The potential variance across the EU illustrates why it may become unfeasible and possibly unlawful to rely on a group-wide or central whistleblower policy. The EU Commission has stated that the proximity of local secure reporting channels to the whistleblower ensures efficient operation of the channels and enables the whistleblower to request a physical meeting, as is their right under the Directive. A local reporting channel is also beneficial to the company as it allows the company to understand and manage the issue in a way which minimises the appearance of remoteness to the whistleblower. It also enables the company to ensure the report is handled in an appropriate way and brought to the attention of the correct person.

It is not in the interest of a company for potential whistleblowers to ‘forum shop’, seeking out the most beneficial jurisdiction in which to report. Harmonisation of whistleblower protections and procedures across a group may go some way to protect against this but it should be borne in mind that the Directive envisages no limitations by reason of nationality.^[8]

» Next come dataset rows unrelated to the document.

Lemma common_quartic_root_lam_bounds a b lam s : 0 < b -> b < a -> 0 < s ->
  common_quartic a b lam s = 0 -> 8*lam^2*b^3 <= (a^2 - b^2)^2 /\ 4*lam^2*b <= a^2.
Proof.
  intros Hb Hab Hs E.
  destruct (common_quartic_root_between a b lam s Hb Hab Hs E) as [Hbs Hsa].
  unfold common_quartic in E.
  assert (HL : 0 <= lam^2) by nra.
  assert (Hs3 : b^3 <= s^3) by (apply pow_incr; lra).
  assert (0 < s^3) by (apply pow_lt; lra).
  split.
  - (* 4 (a^2 - s^2)(s^2 - b^2) <= (a^2 - b^2)^2 and s >= b *)
    assert (0 <= (a^2 + b^2 - 2*s^2)^2) by apply pow2_ge_0.
    assert (0 <= lam^2 * (s^3 - b^3)) by (apply Rmult_le_pos; lra).
    nra.
  - assert (H1 : 2*b*(s^2 - b^2) <= s^3).
    { assert (s^3 - 2*b*(s^2 - b^2) = b*((b - (s-b)/2)^2 + 3/4*(s-b)^2) + (s-b)^3)
        by field.
      assert (0 <= (s-b)^3) by (apply pow_le; lra).
      assert (0 <= (b - (s-b)/2)^2) by apply pow2_ge_0.
      nra. }
    assert (0 <= s^2 * (s^2 - b^2)) by (apply Rmult_le_pos; nra).
    assert (2*lam^2*s^3 <= a^2*(s^2 - b^2)) by nra.
    assert (4*lam^2*b*s^3 <= a^2*s^3) by nra.
    nra.
Qed.

Lemma Phi_C_nonpos_beyond a b lam : 0 < b -> b < a ->
  8*lam^2*b^3 <= (a^2 - b^2)^2 -> 4*lam^2*b <= a^2 ->
  exists t, a <= t /\ Phi_C a b lam t <= 0.
Proof.
  intros Hb Hab H8 H4.
  assert (Hb2 : 0 < b^2) by nra.
  destruct (Phin_nonpos_witness (a^2/b^2) (lam^2/b)) as [s [Hs [Has Hphi]]].
  - apply Rmult_lt_reg_r with (b^2); [lra|]; field_simplify; nra.
  - apply Rdiv_le_0_compat; nra.
  - apply Rmult_le_reg_r with (8*b^4); [nra|]; field_simplify; nra.
  - apply Rmult_le_reg_r with (4*b^2); [nra|]; field_simplify; nra.
  - exists (b*s); split.
    + apply Rnot_lt_le; intros Hlt.
      assert (0 < b*s) by nra.
      assert (a^2 <= (b*s)^2).
      { replace ((b*s)^2) with (b^2 * s^2) by ring.
        apply Rmult_le_reg_r with (/b^2); [apply Rinv_0_lt_compat; lra|].
        replace (b^2 * s^2 * /b^2) with (s^2) by (field; lra); exact Has. }
      nra.
    + rewrite Phi_C_scale by lra.
      replace (b*s/b) with s by (field; lra).
      assert (0 < b^16) by (apply pow_lt; lra).
      nra.
Qed.

Lemma common_quartic_root_below_largest_root a b lam s : 0 < b -> b < a -> 0 < s ->
  common_quartic a b lam s = 0 -> exists r, is_largest_root_PhiC a b lam r /\ s <= r.
Proof.
  intros Hb Hab Hs E.
  destruct (common_quartic_root_between a b lam s Hb Hab Hs E) as [_ Hsa].
  destruct (common_quartic_root_lam_bounds a b lam s Hb Hab Hs E) as [H8 H4].
  destruct (Phi_C_nonpos_beyond a b lam Hb Hab H8 H4) as [t [Hat Ht]].
  destruct (Phi_C_largest_root_above a b lam t Ht) as [r [Hr Htr]].
  exists r; split; [exact Hr | lra].
Qed.

Definition h_common (a b lam s : R) : R := (2*s^2 - s*lam^2 + a^2 + b^2) / (2*s).

Lemma common_sysE a b lam s h : common_sys a b lam s h <->
  common_quartic a b lam s = 0 /\ 0 < s /\ h = h_common a b lam s.
Proof. reflexivity. Qed.
(* Let $\mu$ be a non-homogeneous Gibbs capacity and $\eta\in(0,1)$. With probability 1, for every $x\in[0,1]^d$, $$\liminf_{j\to\infty}\frac{\log_2\widetilde{\mathsf M}_\mu(I_{x_{|j}})}{-j}\ \ge\ H_\ell(\eta_\ell).$$
   Context: Fix $d\ge1$; $\Sigma_j$ is the set of words of length $j$ over $\{0,1\}^d$, $\Sigma^*=\bigcup_{j\ge1}\Sigma_j$, $\Sigma=(\{0,1\}^d)^{\mathbb N_+}$ with standard ultrametric and shift $\sigma$, $[w]$ the cylinder of $w$, $|w|$ the length, $wv$ concatenation; for $w\in\Sigma_j$, $I_w=\prod_{i=1}^d[x_w^{(i)},x_w^{(i)}+2^{-j}]$, $x_w^{(i)}=\sum_{k=1}^jw_k^{(i)}2^{-k}$. For $w\in\Sigma_j$, $\mathcal N_j(w)$ is the set of $u\in\Sigma_j$ such that $I_u$ equals or is a neighbour (shares a boundary point) of $I_w$. A point $x\in[0,1]^d$ is coded by the binary expansions of its coordinates (lexicographically largest for dyadic coordinates), $x_{|j}$ denoting the prefix of length $j$. A Gibbs capacity is $\mu(I_w)=K\nu([w])^\alpha e^{-\beta|w|}$ with $K>0$, $(\alpha,\beta)\in[0,\infty)^2\setminus\{(0,0)\}$, $\nu$ a Gibbs measure on $\Sigma$ for a Hölder potential $\psi$: $C^{-1}e^{\Psi([w])-|w|P(\sigma,\psi)}\le\nu([w])\le Ce^{\Psi([w])-|w|P(\sigma,\psi)}$, $\Psi([w])=\sup_{t\in[w]}\sum_{i<|w|}\psi(\sigma^it)$, $P$ the pressure. Non-homogeneous: $\alpha>0$ and $\psi$ not cohomologous to a constant. $\tau_\mu(q)=\lim_j-\frac1j\log_2\sum_{w\in\Sigma_j}\mu(I_w)^q$ and $D_\mu=\tau_\mu^*$ (Legendre transform $\inf_q(qH-\tau_\mu(q))$); $H_\ell(\eta_\ell)=\min\{H\ge0:D_\mu(H)\ge d(1-\eta)\}$. Sampling: $(p_w)$ independent Bernoulli with $\mathbb P(p_w=1)=2^{-d(1-\eta)|w|}$; $\mathsf M_\mu(I_w)=\max\{\mu(I_{wv}):v\in\Sigma^*,p_{wv}=1\}$ and $\widetilde{\mathsf M}_\mu(I_w)=\max_{u\in\mathcal N_{|w|}(w)}\mathsf M_\mu(I_u)$. *)

From HB Require Import structures.
From mathcomp Require Import all_boot all_order all_algebra.
From mathcomp Require Import all_classical all_reals all_analysis.
Set Implicit Arguments. Unset Strict Implicit. Unset Printing Implicit Defensive.
Import Order.TTheory GRing.Theory Num.Theory.
Import numFieldNormedType.Exports.
Local Open Scope classical_set_scope.
Local Open Scope ring_scope.

Definition letter (d : nat) := {ffun 'I_d -> bool}.
HB.instance Definition _ (d : nat) := Finite.on (letter d).
HB.instance Definition _ (d : nat) := isPointed.Build (letter d) [ffun _ => false].
(* Finite words: sequences of letters; Sigma^* = words of length >= 1. *)
Definition word (d : nat) := seq (letter d).
(* Sigma = ({0,1}^d)^{N_+}; position k >= 1 of the paper is index k-1 here. *)
Definition seqspace (d : nat) := nat -> letter d.


Definition shift d (t : seqspace d) : seqspace d := fun n => t n.+1.
Definition cyl d (w : word d) : set (seqspace d) :=
  [set t | forall k, (k < size w)%N -> t k = nth [ffun _ => false] w k].
Definition cylinders d : set (set (seqspace d)) := [set cyl w | w in [set: word d]].
(* Sigma as a measurable space: the sigma-algebra generated by cylinders
   (= the Borel sigma-algebra of the ultrametric product topology). *)
Definition Sigma (d : nat) : measurableType _ := g_sigma_algebraType (@cylinders d).

(* s and t agree on their first n letters, i.e. dist(s,t) <= 2^{-n} for the
   standard ultrametric dist(s,t) = 2^{-(length of common xprefix)}. *)
Definition agree d (n : nat) (s t : seqspace d) := forall k, (k < n)%N -> s k = t k.

Section Potentials.
Variables (R : realType) (d : nat).

Definition holder (psi : seqspace d -> R) :=
  exists C gam : R, 0 < C /\ 0 < gam /\
    forall n s t, agree n s t -> `|psi s - psi t| <= C * (2 `^ (- (gam * n%:R))).

Definition ucontinuous (u : seqspace d -> R) :=
  forall t (e : R), 0 < e -> exists n, forall s, agree n s t -> `|u s - u t| < e.

Definition cohomologous_to_const (psi : seqspace d -> R) :=
  exists (u : seqspace d -> R) (c : R), ucontinuous u /\
    forall t, psi t = u (shift t) - u t + c.

Definition birkhoff (psi : seqspace d -> R) (n : nat) (t : seqspace d) : R :=
  \sum_(i < n) psi (iter i (@shift d) t).

Definition Psi (psi : seqspace d -> R) (w : word d) : R :=
  sup [set birkhoff psi (size w) t | t in cyl w].

Definition pressure (psi : seqspace d -> R) : R :=
  limn (fun n : nat => n%:R^-1 *
    ln (\sum_(w : n.-tuple (letter d)) expR (Psi psi (tval w)))).

Definition gibbs (psi : seqspace d -> R) (nu : probability (Sigma d) R) :=
  exists C : R, 0 < C /\ forall w : word d, (0 < size w)%N ->
    C^-1 * expR (Psi psi w - (size w)%:R * pressure psi) <= fine (nu (cyl w)) /\
    fine (nu (cyl w)) <= C * expR (Psi psi w - (size w)%:R * pressure psi).

(* mu(I_w) = K nu([w])^alpha e^{-beta |w|} *)
Definition gibbs_cap (K alpha beta : R) (nu : probability (Sigma d) R)
    (w : word d) : R :=
  K * (fine (nu (cyl w))) `^ alpha * expR (- (beta * (size w)%:R)).

Definition log2 (x : R) : R := ln x / ln 2.

Definition tau_mu (mu : word d -> R) (q : R) : R :=
  limn (fun j : nat => - (j%:R^-1 *
    log2 (\sum_(w : j.-tuple (letter d)) (mu (tval w)) `^ q))).

Definition D_mu (mu : word d -> R) (H : R) : \bar R :=
  ereal_inf [set ((q * H - tau_mu mu q)%:E) | q in [set: R]].

Definition H_ell (mu : word d -> R) (eta : R) : R :=
  inf [set H : R | 0 <= H /\ ((d%:R * (1 - eta))%:E <= D_mu mu H)%E].

Definition cpoint := 'I_d -> R.
Definition corner (w : word d) (i : 'I_d) : R :=
  \sum_(k < size w) (nth [ffun _ => false] w k i)%:R * 2 `^ (- (k.+1)%:R).
Definition cube (w : word d) : set cpoint :=
  [set y | forall i, corner w i <= y i <= corner w i + 2 `^ (- (size w)%:R)].
Definition neighbours (w : word d) : set (word d) :=
  [set u | size u = size w /\ exists y, cube u y /\ cube w y].

(* binary digit k >= 1 of t in [0,1], lexicographically largest expansion *)
Definition bdigit (t : R) (k : nat) : bool :=
  if t == 1 then true else odd `|Num.floor (2 ^+ k * t)|%N.
Definition xprefix (x : cpoint) (j : nat) : word d :=
  mkseq (fun k => [ffun i => bdigit (x i) k.+1]) j.

(* M_mu(I_w) = max { mu(I_{wv}) : v in Sigma^*, p_{wv} = 1 } (-oo if empty) *)
Definition Msamp (mu : word d -> R) (p : word d -> bool) (w : word d) : \bar R :=
  ereal_sup [set (mu (w ++ v))%:E | v in [set v : word d | (0 < size v)%N /\ p (w ++ v)]].
Definition Mtilde (mu : word d -> R) (p : word d -> bool) (w : word d) : \bar R :=
  ereal_sup [set Msamp mu p u | u in neighbours w].

(* log2 (M) / (-j) in the extended reals, with log2 0 = log2 (-oo) = -oo *)
Definition log_ratio (M : \bar R) (j : nat) : \bar R :=
  match M with
  | r%:E => if 0 < r then ((log2 r) / (- j%:R))%:E else +oo%E
  | +oo%E => -oo%E
  | -oo%E => +oo%E
  end.

End Potentials.

Definition mutually_independent_on {dO : measure_display} {Omega : measurableType dO}
  {R : realType} (P : probability Omega R) {I : eqType} (D : pred I)
  (A : I -> set Omega) :=
  forall s : seq I, uniq s -> all D s ->
    P (\bigcap_(i in [set i | i \in s]) A i) = (\prod_(i <- s) P (A i))%E.

(* Fix 0 <= h < H_ell; by definition of H_ell there is q > 0 with
   q h - tau(q) < d (1 - eta).  Bounded distortion of the Hoelder potential makes
   the Gibbs capacity quasi-multiplicative, so the partition sums
   Z_n = sum_{|w| = n} mu(I_w)^q are super-multiplicative up to a constant; by
   Fekete's lemma tau(q) exists and Z_n <= C 2^{-n tau(q)}.  By Markov's
   inequality at most Z_n 2^{n h q} words of generation n satisfy
   mu(I_w) > 2^{-n h}, and each is sampled with probability 2^{-n d (1 - eta)}, so
   the probability that a heavy word of generation n is sampled decays
   geometrically.  By Borel-Cantelli, almost surely every sampled word of large
   generation n has mu(I_w) <= 2^{-n h}, which bounds tilde M_mu(I_w) by
   2^{-|w| h}.  Letting h increase to H_ell along a sequence gives the liminf
   bound. *)

From Pilot Require Import Defs.
From HB Require Import structures.
From mathcomp Require Import all_boot all_order all_algebra.
From mathcomp Require Import all_classical all_reals all_analysis.
From mathcomp Require Import ring lra zify.
Set Implicit Arguments. Unset Strict Implicit. Unset Printing Implicit Defensive.
Import Order.TTheory GRing.Theory Num.Theory.
Import numFieldNormedType.Exports.
Local Open Scope classical_set_scope.
Local Open Scope ring_scope.

Section Fekete.
Variables (R : realType) (a : nat -> R).
Hypothesis a_super : forall m n, (0 < m)%N -> (0 < n)%N -> a m + a n <= a (m + n).

Lemma superadditive_mulnD m q r : (0 < m)%N -> (0 < r)%N ->
  q%:R * a m + a r <= a (q * m + r).
Proof.
move=> m0; elim: q r => [|q IH] r r0; first by rewrite mul0r add0r.
rewrite mulSn -addnA (le_trans _ (a_super m0 _)) ?addn_gt0 ?r0 ?orbT//.
by have := IH r r0; rewrite -(addn1 q) natrD mulrDl mul1r; lra.
Qed.

Lemma superadditive_linear_lower m : (0 < m)%N ->
  exists c, forall n, (0 < n)%N -> n%:R * (a m / m%:R) - c <= a n.
Proof.
move=> m0; set x := a m / m%:R; set T := \sum_(r < m.+1) `|a r|.
exists (m%:R * `|x| + T) => n n0.
set q := (n.-1 %/ m)%N; set r := (n.-1 %% m).+1.
have nqr : n = (q * m + r)%N by rewrite /r addnS -divn_eq; lia.
have rm : (r < m.+1)%N by rewrite ltnS ltn_mod.
have hqm1 : n%:R - m%:R <= (q * m)%:R :> R.
  by rewrite lerBlDr -natrD ler_nat nqr leq_add2l -ltnS.
have hqm2 : (q * m)%:R <= n%:R :> R by rewrite ler_nat nqr leq_addr.
have hx : n%:R * x - m%:R * `|x| <= (q * m)%:R * x.
  suff : (n%:R - (q * m)%:R) * x <= m%:R * `|x| by lra.
  apply: (le_trans (ler_norm _)); rewrite normrM ler_wpM2r//.
  by rewrite ger0_norm; lra.
have har : - T <= a r.
  rewrite lerNl (le_trans (ler_norm _))// normrN.
  by rewrite /T (bigD1 (Ordinal rm))//= lerDl sumr_ge0.
have hqa : q%:R * a m = (q * m)%:R * x.
  by rewrite /x natrM -mulrA [_ * (_ / _)]mulrC divfK// pnatr_eq0 -lt0n.
have := superadditive_mulnD q m0 (ltn0Sn (n.-1 %% m)); rewrite -/r -nqr hqa; lra.
Qed.

Hypothesis a_ub : exists B, forall n, (0 < n)%N -> a n <= n%:R * B.

Definition growth_rate := sup [set a n / n%:R | n in [set n | (0 < n)%N]].

Lemma has_sup_growth : has_sup [set a n / n%:R | n in [set n | (0 < n)%N]].
Proof.
have [B ub] := a_ub; split; first by exists (a 1%N / 1); exists 1%N.
by exists B => _ [n n0 <-]; rewrite ler_pdivrMr ?ltr0n// mulrC ub.
Qed.

Lemma le_growth_rate n : (0 < n)%N -> a n <= n%:R * growth_rate.
Proof.
move=> n0; rewrite -ler_pdivrMl ?ltr0n// mulrC.
by apply: sup_upper_bound; [exact: has_sup_growth | exists n].
Qed.

Lemma fekete : (fun n => a n / n%:R) @ \oo --> growth_rate.
Proof.
apply/cvgrPdist_le => e e0.
have [_ [m m0 <-] hm] := sup_adherent (divr_gt0 e0 (ltr0n _ 2)) has_sup_growth.
have [c hc] := superadditive_linear_lower m0.
near=> n.
have n0 : (0 < n)%N by near: n; exact: nbhs_infty_gt.
have nR0 : 0 < n%:R :> R by rewrite ltr0n.
have cn : c <= n%:R * (e / 2).
  near: n; have /cvgryPge/(_ (c / (e / 2))) := @cvgr_idn R.
  by apply: filterS => n; rewrite -ler_pdivrMr ?divr_gt0.
have lo : a m / m%:R - e / 2 <= a n / n%:R.
  by rewrite ler_pdivlMr//; have := hc n n0; lra.
have hi : a n / n%:R <= growth_rate by rewrite ler_pdivrMr// mulrC le_growth_rate.
by move: hm; rewrite -/growth_rate ler_norml => hm; apply/andP; split; lra.
Unshelve. all: by end_near. Qed.

End Fekete.

Lemma sum_exprB_le (R : realType) (r : R) m : 0 < r < 1 ->
  \sum_(i < m) r ^+ (m - i) <= r / (1 - r).
Proof.
case/andP => r0 r1; rewrite (reindex_inj rev_ord_inj) /=.
under eq_bigr => i _ do rewrite subKn// exprS.
have r1' : `|r| < 1 by rewrite ger0_norm// ltW.
by have := geometric_le_lim m (ltW r0) r0 r1'; rewrite /series /= big_mkord.
Qed.

Lemma pow2E (R : realType) (x : R) : 2 `^ x = expR (x * ln 2).
Proof. by rewrite /powR pnatr_eq0. Qed.

Lemma pow2_lt1 (R : realType) (x : R) : x < 0 -> 2 `^ x < 1.
Proof. by move=> x0; rewrite pow2E expR_lt1 pmulr_llt0// ln_gt0// ltr1n. Qed.

Lemma pow2_mulrn (R : realType) (g : R) n : 2 `^ (- (g * n%:R)) = (2 `^ (- g)) ^+ n.
Proof. by rewrite -mulNr powRrM powR_mulrn// powR_ge0. Qed.

Section Birkhoff.
Variables (R : realType) (d : nat) (psi : seqspace d -> R).
Implicit Types (u v w : word d) (s t : seqspace d).

Lemma iter_shift i s k : iter i (@Defs.shift d) s k = s (i + k)%N.
Proof. by elim: i k => [|i IH] k //=; rewrite /Defs.shift IH addSnnS. Qed.

Lemma birkhoffD m n t :
  birkhoff psi (m + n) t = birkhoff psi m t + birkhoff psi n (iter m (@Defs.shift d) t).
Proof.
rewrite /birkhoff big_split_ord /=; congr (_ + _).
by apply: eq_bigr => i _; rewrite /= addnC iterD.
Qed.

Definition seq_of_word w : seqspace d := fun k => nth [ffun _ => false] w k.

Benefits of a strong internal reporting channel

A strong, harmonised approach should offer wide protection to whistleblowers, for many reasons not least of which is to encourage internal reporting. Studies appear to show that the more internal whistleblower systems are engaged with, the fewer the lawsuits and the smaller the settlements. This is because the internal systems are a resource that helps management identify and address concerns before they become more costly and damaging to companies.^[9] Offering wide protection across the entirety of a company or group may also have the benefit of being consistent with the shared culture and ethos, as well as ESG initiatives. The EU Commission has stated that a “corporate policy instilling trust in the group whistleblowing function, possibly accompanied by an information policy publicising its availability and encouraging whistleblowers to report directly to the central group whistleblowing functions may result in whistleblowers tending to report there”.^[10]

The U.K. regime

The U.K. has indicated that it will not be adopting the Directive. U.K. whistleblower protections are governed by the Public Interest Disclosure Act 1998 (“PIDA”). Although PIDA contains some similar features to the Directive, it is significantly narrower in scope. Under PIDA, for example, there is no requirement for a company to have a whistleblowing policy unless it operates in a regulated sector, or for a company to have an internal channel (or anything similar). There is also no reverse burden.

The Directive is clear that non-EU citizens should be protected under the Directive by virtue of their work-related activities.^[11] Protections offered to whistleblowers under the Directive may appeal to workers and others in a U.K. subsidiary of an EU company, who may seek to report to the EU parent company offering greater protections. Any EU-based companies with a footprint in the U.K. (and vice versa) should be aware of the potentially broad application of the Directive and put in place compliant protocols.

Conclusion

Although the deadline has now passed and the vast majority of EU Member States have missed the December deadline, there is enough information available for companies to prepare. It is likely that 2022 will see a large number of EU countries move closer to completing or complete the transposition exercise, and many will turn to focus on the application of the Directive to medium-sized companies by December 2023. This delay has the unintended benefit of allowing companies to whom the Directive is aimed to audit existing whistleblower policies and procedures, consider the impact of the Directive, examine how EU countries and industry are reacting, and make changes. The Directive is expected to lead to an increase in whistleblower reports including from those who are outside the EU.